### What you are asked to do
The first line of the data below and every line after it, through the one with "move=> w; rewrite", must be transcribed without change.

### Data for analysis
=== Section Start ===

Lemma interior_segment c p t : intdom c -> dom f p -> 0 < t -> t <= 1 ->
  intdom (t *: c + (1 - t) *: p).
Proof.
move=> /nbhs_ballP[rho rho0 cball] dp t0 t1.
apply/nbhs_ballP; exists (t * rho); first exact: mulr_gt0.
move=> w; rewrite -ball_normE /ball_ /= => tw.
pose w' := c + t^-1 *: (w - (t *: c + (1 - t) *: p)).
have dw' : dom f w'.
  apply: cball; rewrite -ball_normE /= /w' opprD addNKr normrN normrZ.
  by rewrite gtr0_norm ?invr_gt0 // distrC ltr_pdivrMl.
have -> : w = t *: w' + (1 - t) *: p.
  by apply/rowP => i; rewrite /w' !mxE; field; exact: lt0r_neq0.
exact: convex_dom dw' dp (ltW t0) t1.
Qed.

Lemma convex_interior : convex_set_E intdom.
Proof.
move=> x y t ix iy t0 t1; have [->|tn0] := eqVneq t 0.
  by rewrite scale0r add0r subr0 scale1r.
by apply: interior_segment ix (interior_subset iy) _ t1; rewrite lt0r tn0.
Qed.

Lemma bregman_gt0 c p : essentially_strictly_convex f ->
  intdom p -> intdom c -> c != p -> 0 < D c p.
Proof.
move=> f_sc ip ic cp.
have int_subdiff : intdom `<=` dom_subdiff f.
  by move=> z iz; exists (g z); exact: grad_subdiff.
have half0 : 0 < 2^-1 :> R by rewrite invr_gt0.
have half1 : 2^-1 < 1 :> R by rewrite invf_lt1 // ltr1n.
set m := 2^-1 *: c + (1 - 2^-1) *: p.
have im : intdom m by apply: convex_interior => //; exact: ltW.
have := f_sc _ int_subdiff convex_interior c p 2^-1 ic ip cp half0 half1.
rewrite -/m (dom_freal (interior_subset im)) (dom_freal (interior_subset ic)).
rewrite (dom_freal (interior_subset ip)) -!EFinM -EFinD lte_fin => f_mid.
have := tangent_le_freal ip (interior_subset im).
have -> : m - p = 2^-1 *: (c - p) by apply/rowP => j; rewrite !mxE; ring.
rewrite dotpZr; lra.
Qed.

Lemma dotp_grad_segment_le c p w t a : dom f p -> dom f w -> 0 < t -> t <= 1 ->
  intdom (t *: c + (1 - t) *: p) -> F p + t * a <= F (t *: c + (1 - t) *: p) ->
  dotp (g (t *: c + (1 - t) *: p)) (w - c) <= F w - F p - a.
Proof.
move=> dp dw t0 t1; set u := _ + _ => iu pu.
set X := dotp (g u) (c - p).
have up : p - u = - (t *: (c - p)) by apply/rowP => j; rewrite !mxE; ring.
have uw : w - u = (w - c) + (1 - t) *: (c - p).
  by apply/rowP => j; rewrite !mxE; ring.
have := tangent_le_freal iu dp; rewrite up dotpNr dotpZr -/X => tp.
have := tangent_le_freal iu dw; rewrite uw dotpDr dotpZr -/X => tw.
have aX : a <= X by rewrite -(ler_pM2l t0); lra.
have : (1 - t) * a <= (1 - t) * X by rewrite ler_wpM2l // subr_ge0.
lra.
Qed.

Lemma dotp_grad_near_le y v e : intdom y -> 0 < e ->
  \forall y' \near y, dotp (g y') v <= dotp (g y) v + e.
Proof.
(* Pick h whose difference quotient at y is close to <g y, v>; the tangent
   inequality at y' bounds h <g y', v> by F (y' + h v) - F y', which is close
   to F (y + h v) - F y by continuity of F. *)
move=> iy e0.
have [h [h0 ihv hq]] : exists h, [/\ 0 < h, intdom (h *: v + y) &
    F (h *: v + y) - F y < h * (dotp (g y) v + e / 2)].
  have ray : (fun h : R => h *: v + y) @ 0^'+ --> y := cvg_ray v.
  have : \forall h \near 0^'+, [/\ 0 < h, intdom (h *: v + y) &
      h^-1 * (F (h *: v + y) - F y) < dotp (g y) v + e / 2].
    near=> h; split.
    - by near: h; exact: (@nbhs_right_gt R 0).
    - by near: h; exact: ray (nbhs_interior iy).
    - near: h; apply: (diff_quotient_lt (f_diff iy)).
      by rewrite -dotp_g ltrDl divr_gt0.
  move=> /filter_ex[h [h0 ihv]]; rewrite mulrC ltr_pdivrMr // => hq.
  by exists h; split; rewrite // mulrC.
have shift : (fun y' => y' + h *: v) @ y --> h *: v + y.
  rewrite addrC; apply: (@cvgD _ _ _ _ (nbhs_filter y)); first exact: cvg_id.
  exact: cvg_cst.
have Fc z : intdom z -> F @ z --> F z.
  by move=> iz; exact: differentiable_continuous (f_diff iz).
have he : 0 < h * e / 4 by rewrite divr_gt0 ?mulr_gt0.
have F_shift := (@cvgrPdist_lt _ _ _ _ (nbhs_filter y) _ _).1
  (cvg_comp _ _ shift (Fc _ ihv)) _ he.
have F_near := (@cvgrPdist_lt _ _ _ _ (nbhs_filter y) _ _).1 (Fc _ iy) _ he.
near=> y'.
have iy' : intdom y' by near: y'; exact: nbhs_interior.
have dy'v : dom f (y' + h *: v) by near: y'; exact: shift _ ihv.
have := tangent_le_freal_ray iy' dy'v.
have : `|F (h *: v + y) - F (y' + h *: v)| < h * e / 4 by near: y'; exact: F_shift.
have : `|F y - F y'| < h * e / 4 by near: y'; exact: F_near.
rewrite !ltr_norml => /andP[_ Fy] /andP[Fyv _] tangent.
by rewrite -(ler_pM2l h0); lra.
Unshelve. all: by end_near.
Qed.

=== Section End ===

### Written reply
Lemma interior_segment c p t : intdom c -> dom f p -> 0 < t -> t <= 1 ->
  intdom (t *: c + (1 - t) *: p).
Proof.
move=> /nbhs_ballP[rho rho0 cball] dp t0 t1.
apply/nbhs_ballP; exists (t * rho); first exact: mulr_gt0.
move=> w; rewrite -ball_normE /ball_ /= => tw.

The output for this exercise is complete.